Earl started feeling the wall again. “I heard there’s a secret room where they used to perform animal sacrifices.”

He wiggled a piece of trim. When it didn’t move, he tried another piece.

“Thankfully, my new bookstore will most definitely not be sacrificing animals and the secret room is definitely not underneath that nifty trim.”

He glanced at her and she pointed at the printer again. Of course, he wanted to know about the secret room. Everyone wanted to know about the secret room. No way was she telling Earl that the room was real.

With a sheepish grin, he approached the printer and stared at it.

“This model is ancient.” He grimaced. “Not sure I can fix something this old.”

“I figured, considering there was about two inches of dust on the top when I found it in the storage room.”

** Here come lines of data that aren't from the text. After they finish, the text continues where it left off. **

(* Let $\mathbb{R}^n_s$ be $\mathbb{R}^n$ with a non-degenerate symmetric bilinear form of signature $(n-s,s)$, and let $G\subset\mathrm{Iso}(\mathbb{R}^n_s)$ be a real Zariski-closed subgroup of dimension $k$ whose centralizer in $\mathrm{Iso}(\mathbb{R}^n_s)$ acts transitively on $\mathbb{R}^n$. Let $\mathfrak{g}$ be the Lie algebra of $G$ and let $X_1,\dots,X_k$ be a Malcev basis of $\mathfrak{g}$, with $X_i=(A_i,v_i)$. For $p\in\mathbb{R}^n$ put $b_i(p)=A_ip+v_i$. Then the orbit $F_p=G.p$ is the affine subspace $$F_p=p+\mathrm{span}\{b_1(p),\dots,b_k(p)\}$$ and $\dim F_p=k$.
   Context: Affine maps of $\mathbb{R}^n$ are written $(I+A,v)$ (linear part $I+A$, translation $v$), identified with the matrix $\begin{pmatrix}I+A&v\\0&1\end{pmatrix}\in\mathrm{GL}_{n+1}(\mathbb{R})$; elements of $\mathfrak{g}$ are written $(A,v)$, identified with $\begin{pmatrix}A&v\\0&0\end{pmatrix}$. $G$ is a unipotent group. A Malcev basis of $\mathfrak{g}$ is a basis $X_1,\dots,X_k$ such that every $g\in G$ can be written uniquely as $g=\exp(t_1X_1+\dots+t_kX_k)$ with real $t_1,\dots,t_k$. *)

From mathcomp Require Import all_boot all_order all_algebra.
From mathcomp Require Import all_classical all_reals all_analysis.
Set Implicit Arguments. Unset Strict Implicit. Unset Printing Implicit Defensive.
Import Order.TTheory GRing.Theory Num.Theory.
Local Open Scope classical_set_scope.
Local Open Scope ring_scope.

Section Defs.
Variable R : realType.

Definition mxpow (m : nat) (X : 'M[R]_m) (k : nat) : 'M[R]_m :=
  iter k (mulmx X) 1%:M.

Definition mxexp (m : nat) (X : 'M[R]_m) : 'M[R]_m :=
  \matrix_(i, j) limn (fun N : nat => \sum_(l < N) (mxpow X l) i j / (l`!)%:R).

Inductive pexpr (m : nat) : Type :=
| PVar of 'I_m & 'I_m
| PConst of R
| PAdd of pexpr m & pexpr m
| PMul of pexpr m & pexpr m.

Fixpoint peval (m : nat) (e : pexpr m) (M : 'M[R]_m) : R :=
  match e with
  | PVar i j => M i j
  | PConst c => c
  | PAdd e1 e2 => peval e1 M + peval e2 M
  | PMul e1 e2 => peval e1 M * peval e2 M
  end.

Definition zariski_closed (m : nat) (G : set 'M[R]_m) : Prop :=
  G `<=` [set M | M \in unitmx] /\
  exists (I : Type) (P : I -> pexpr m),
    forall M, M \in unitmx -> (G M <-> forall i, peval (P i) M = 0).

Definition is_subgroup (m : nat) (G : set 'M[R]_m) : Prop :=
  [/\ G 1%:M,
      (forall g h, G g -> G h -> G (g *m h)) &
      (forall g, G g -> g \in unitmx /\ G (invmx g))].

Definition unipotent_group (m : nat) (G : set 'M[R]_m) : Prop :=
  forall g, G g -> exists l, mxpow (g - 1%:M) l = 0.

Definition lie_alg (m : nat) (G : set 'M[R]_m) : set 'M[R]_m :=
  [set X | forall t : R, G (mxexp (t *: X))].

Definition affmx (n : nat) (L : 'M[R]_n) (v : 'cV[R]_n) : 'M[R]_(n + 1) :=
  block_mx L v 0 1%:M.

Definition act (n : nat) (M : 'M[R]_(n + 1)) (p : 'cV[R]_n) : 'cV[R]_n :=
  usubmx (M *m col_mx p 1%:M).

Definition Jform (n s : nat) : 'M[R]_n :=
  diag_mx (\row_(i < n) (if (i < n - s)%N then 1 else -1)).

Definition form_of_signature (n s : nat) (S : 'M[R]_n) : Prop :=
  (s <= n)%N /\ S^T = S /\
  exists P : 'M[R]_n, P \in unitmx /\ S = P^T *m Jform n s *m P.

Definition Iso (n : nat) (S : 'M[R]_n) : set 'M[R]_(n + 1) :=
  [set M | exists (L : 'M[R]_n) (v : 'cV[R]_n),
             M = affmx L v /\ L^T *m S *m L = S].

Definition malcev_basis (m k : nat) (G : set 'M[R]_m) (X : 'I_k -> 'M[R]_m) : Prop :=
  [/\ (forall i, lie_alg G (X i)),
      (forall Y, lie_alg G Y -> exists c : 'I_k -> R, Y = \sum_(i < k) c i *: X i),
      (forall c : 'I_k -> R, \sum_(i < k) c i *: X i = 0 -> forall i, c i = 0) &
      (forall g, G g -> exists t : 'I_k -> R,
          g = mxexp (\sum_(i < k) t i *: X i) /\
          forall t' : 'I_k -> R, g = mxexp (\sum_(i < k) t' i *: X i) -> t' =1 t)].

Definition bvec (n : nat) (X : 'M[R]_(n + 1)) (p : 'cV[R]_n) : 'cV[R]_n :=
  ulsubmx X *m p + ursubmx X.

End Defs.

From mathcomp Require Import all_boot all_order all_algebra.
From mathcomp Require Import all_classical all_reals all_analysis.
From mathcomp Require Import ring lra.
Import Order.TTheory GRing.Theory Num.Theory numFieldNormedType.Exports.
Local Open Scope classical_set_scope.
Local Open Scope ring_scope.
Set Implicit Arguments. Unset Strict Implicit. Unset Printing Implicit Defensive.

Earl slid into a thoughtful expression. “Well, it probably belonged to old man Lacy. His accounting firm was the last business in here. Yep, he dropped dead at his desk right over there in the corner. So I heard, anyway.”

Jesus. Kora hugged herself. She hadn’t been told about that.

“It was pretty awful. He died on a Friday while his wife was out of town, and no one found him until Monday morning. I hear the smell was getting bad in here for about a—”

She cringed. There was a reason she didn’t watch the news and generally stayed away from social media. Stories like this were bad for her stress level.

“So, anyway, the printer stopped printing the other day and won’t do a thing. Just see what you can do. If it’s not fixable, I’ll have to replace it.”